Monday, December 15, 2008

Knope Translates Insurance Double-Speak

Dr. Steven Knope translates the words behind the insurance industries new-found enthusiasm for mandated universal coverage:
Here is how the insurance industry stated they would make their plan work: "The group called on Congress to establish a public-private advisory group to recommend action in three areas: reducing wasteful spending, changing how doctors and hospitals are paid, and reducing administrative costs."

Let me translate this insurance double speak for you.

"Reducing wasteful spending" translates into rationing medical care to patients for profit.

"Changing how doctors and hospitals are paid" translates into paying them less. Clearly, if doctors and hospitals were paid more or even paid at current rates, spending could not be reduced. This fee reduction will result in doctors seeing even more patients than they see now, spending less time with each and further rationing healthcare.

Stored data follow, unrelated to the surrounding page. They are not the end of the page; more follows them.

Lemma is_series_spike k a : is_series (spike k a) a.
Proof.
  revert a; induction k as [|k IHk]; intro a; apply is_series_decr_1.
  - apply (is_series_Req (fun _ => 0) _ 0); [reflexivity| |exact is_series_zero].
    unfold spike, plus, opp; simpl. change (0 = a + - a). ring.
  - apply (is_series_Req (spike k a) _ a); [reflexivity| |exact (IHk a)].
    unfold spike, plus, opp; simpl. change (a = a + - 0). ring.
Qed.

Lemma Series_spike k a : Series (spike k a) = a.
Proof. apply is_series_unique, is_series_spike. Qed.

Lemma ex_series_spike k a : ex_series (spike k a).
Proof. exists a. apply is_series_spike. Qed.

Lemma Series_zero : Series (fun _ => 0) = 0.
Proof. apply is_series_unique, is_series_zero. Qed.

(* These
   real-valued instances of Coquelicot's lemmas (stated for normed modules) form
   the hint database [series] that discharges summability side goals. *)
Lemma ex_series_Rplus (a b : nat -> R) :
  ex_series a -> ex_series b -> ex_series (fun n => a n + b n).
Proof. exact (ex_series_plus a b). Qed.

Lemma ex_series_Rscal (c : R) (a : nat -> R) : ex_series a -> ex_series (fun n => c * a n).
Proof. exact (ex_series_scal_l c a). Qed.

Lemma ex_series_Rminus (a b : nat -> R) :
  ex_series a -> ex_series b -> ex_series (fun n => a n - b n).
Proof. exact (ex_series_minus a b). Qed.

Lemma ex_series_Rext (a b : nat -> R) :
  (forall n, a n = b n) -> ex_series a -> ex_series b.
Proof. exact (ex_series_ext a b). Qed.

Create HintDb series.
#[local] Hint Resolve ex_series_Rplus ex_series_Rscal ex_series_Rminus ex_series_spike : series.

Lemma ex_series_dominated (a b : nat -> R) :
  (forall n, Rabs (a n) <= b n) -> ex_series b -> ex_series a.
Proof. exact (ex_series_le a b). Qed.

Lemma ex_series_product (a b : nat -> R) :
  ex_series (fun n => a n ^ 2) -> ex_series (fun n => b n ^ 2) ->
  ex_series (fun n => a n * b n).
Proof.
  intros Ha Hb. apply (ex_series_dominated _ (fun n => / 2 * (a n ^ 2 + b n ^ 2)));
    [|auto with series].
  intro n. apply Rabs_le. pose proof (pow2_ge_0 (a n - b n)). pose proof (pow2_ge_0 (a n + b n)).
  split; nra.
Qed.

Lemma Series_nonneg (a : nat -> R) : (forall n, 0 <= a n) -> ex_series a -> 0 <= Series a.
Proof.
  intros Hpos Ha. rewrite <- Series_zero. apply Series_le; [|exact Ha].
  intro n. split; [lra|apply Hpos].
Qed.

Lemma term_le_Series (a : nat -> R) k : (forall n, 0 <= a n) -> ex_series a -> a k <= Series a.
Proof.
  intros Hpos Ha. rewrite <- (Series_spike k (a k)). apply Series_le; [|exact Ha].
  intro n. unfold spike. destruct (Nat.eqb_spec n k) as [->|_]; split; auto with real.
Qed.

Lemma sqn_re_im (x : vec) k : sqn x k = fst (x k) ^ 2 + snd (x k) ^ 2.
Proof. unfold sqn, Cmod. rewrite pow2_sqrt; [reflexivity|]. nra. Qed.

Lemma sqn_nonneg (x : vec) k : 0 <= sqn x k.
Proof. rewrite sqn_re_im. nra. Qed.

Lemma Cmod_RtoC_sqr (x : R) : Cmod (RtoC x) ^ 2 = x ^ 2.
Proof. rewrite Cmod_R. apply pow2_abs. Qed.

Lemma l2_re (x : vec) : l2 x -> ex_series (fun k => fst (x k) ^ 2).
Proof.
  intro Hx. apply (ex_series_dominated _ (sqn x)); [|exact Hx].
  intro k. rewrite sqn_re_im, Rabs_pos_eq; nra.
Qed.

Lemma l2_im (x : vec) : l2 x -> ex_series (fun k => snd (x k) ^ 2).
Proof.
  intro Hx. apply (ex_series_dominated _ (sqn x)); [|exact Hx].
  intro k. rewrite sqn_re_im, Rabs_pos_eq; nra.
Qed.

Definition realvec (r : nat -> R) : vec := fun k => RtoC (r k).

Lemma l2_add (x y : vec) : l2 x -> l2 y -> l2 (fun k => (x k + y k)%C).
Proof.
  intros Hx Hy. apply (ex_series_dominated _ (fun k => 2 * sqn x k + 2 * sqn y k));
    [|auto with series].
  intro k. rewrite Rabs_pos_eq by apply sqn_nonneg. rewrite !sqn_re_im. simpl.
  pose proof (pow2_ge_0 (fst (x k) - fst (y k))). pose proof (pow2_ge_0 (snd (x k) - snd (y k))).
  nra.
Qed.

Lemma l2_scal (c : C) (x : vec) : l2 x -> l2 (fun k => (c * x k)%C).
Proof.
  intro Hx. apply (ex_series_Rext (fun k => Cmod c ^ 2 * sqn x k)); [|auto with series].
  intro k. unfold sqn. rewrite Cmod_mult. ring.
Qed.

Lemma l2_realvec (r : nat -> R) : ex_series (fun k => r k ^ 2) -> l2 (realvec r).
Proof.
  intro Hr. apply (ex_series_Rext (fun k => r k ^ 2)); [|exact Hr].
  intro k. unfold sqn, realvec. rewrite Cmod_RtoC_sqr. reflexivity.
Qed.

Lemma sqn_realvec (r : nat -> R) : sqn (realvec r) = fun k => r k ^ 2.
Proof. apply functional_extensionality. intro k. apply Cmod_RtoC_sqr. Qed.

(* Axiom A3 for the partition {n} | N \ {n}: a unitary that does not connect world
   n with any other world leaves p_n unchanged. *)
Definition isolate (n : nat) : nat -> nat := fun i => if Nat.eqb i n then 0%nat else 1%nat.

Lemma block_sum_isolate p v n : block_sum p v (isolate n) 0 = p v n.
Proof.
  unfold block_sum. rewrite <- (Series_spike n (p v n)). apply Series_ext. intro k.
  unfold spike, isolate. destruct (Nat.eqb_spec k n) as [->|_]; reflexivity.
Qed.

Lemma A3_isolated p v T n : axiom_A3 p -> allowed v -> unitary T ->
  (forall i j, i <> j -> (i = n \/ j = n) -> mat T i j = 0%C) -> p v n = p (T v) n.
Proof.
  intros HA3 Hv HT Hmat. rewrite <- !block_sum_isolate. apply HA3; [exact Hv|exact HT|].
  intros i j Hij. apply Hmat; unfold isolate in Hij.
  - intros ->. exact (Hij eq_refl).
  - destruct (Nat.eqb_spec i n), (Nat.eqb_spec j n); auto. contradiction.
Qed.

(* Axiom A3 for the partition into the block {i, j} and singletons: a unitary
   acting only inside span{|i>, |j>} preserves p_i + p_j. *)
Definition merge (i j : nat) : nat -> nat := fun a => if Nat.eqb a j then i else a.

Lemma block_sum_merge p v i j : i <> j -> block_sum p v (merge i j) i = p v i + p v j.
Proof.
  intro Hij. unfold block_sum.
  rewrite <- (Series_spike i (p v i)), <- (Series_spike j (p v j)), <- Series_plus
    by apply ex_series_spike.
  apply Series_ext. intro k. unfold spike, merge.
  destruct (Nat.eqb_spec k j), (Nat.eqb_spec k i); subst;
    rewrite ?Nat.eqb_refl; try contradiction; ring.
Qed.

Lemma A3_pair p v T i j : axiom_A3 p -> i <> j -> allowed v -> unitary T ->
  (forall a b, merge i j a <> merge i j b -> mat T a b = 0%C) ->
  p v i + p v j = p (T v) i + p (T v) j.
Proof.
  intros HA3 Hij Hv HT Hmat. rewrite <- !block_sum_merge by exact Hij.
  exact (HA3 _ _ _ Hv HT Hmat i).
Qed.

Definition phase (ph : nat -> C) (x : vec) : vec := fun k => (ph k * x k)%C.

Section Phase.
Variable ph : nat -> C.
Hypothesis ph_unimodular : forall k, Cmod (ph k) = 1.

Lemma sqn_phase x : sqn (phase ph x) = sqn x.
Proof.
  apply functional_extensionality. intro k. unfold sqn, phase.
  rewrite Cmod_mult, ph_unimodular. ring.
Qed.

Lemma phase_unitary : unitary (phase ph).
Proof.
  repeat split.
  - intros u Hu. unfold l2. rewrite sqn_phase. exact Hu.
  - intros u w a b _ _ k. unfold phase. ring.
  - intros u _. rewrite sqn_phase. reflexivity.
  - intros w Hw. exists (phase (fun k => Cconj (ph k)) w). split.
    + unfold l2. apply (ex_series_Rext (sqn w)); [|exact Hw].
      intro k. unfold sqn, phase. rewrite Cmod_mult, Cmod_conj, ph_unimodular, Rmult_1_l.
      reflexivity.
    + intro k. unfold phase.
      rewrite Cmult_assoc, <- Cmod2_conj, ph_unimodular, pow1. apply Cmult_1_l.
Qed.

End Phase.

Lemma phase_mat ph i j : i <> j -> mat (phase ph) i j = 0%C.
Proof.
  intro Hij. unfold mat, phase, basis. destruct (Nat.eqb_spec i j); [contradiction|]. ring.
Qed.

Finally, "reducing administrative costs" translates into allowing the insurance companies to become the administrators for the program. What this means is that much of the new healthcare dollar will flow through insurance company pipelines, which will be designed with leaks in strategic places.
Instead of trying to use the power of the government to force consumers to purchase insurance on their terms, they should be advocating a free market that allows patients to purchase insurance (or not) based on their own assessment of their needs. For some patients, that might involve paying routine costs out of pocket (or with a Health Savings Account), then using catastrophic-only insurance for expensive events. Other patients may wish more of a pre-paid model, with richer benefits but higher premiums. Others might wish to retain a concierge physician and pay directly for all medical services with no insurance whatsoever.

But patients should have the freedom to choose in a free market. The insurance companies' proposed unholy alliance with the government is a direct infringement of this basic right, and will inevitably lead to an even worse "single payer" system.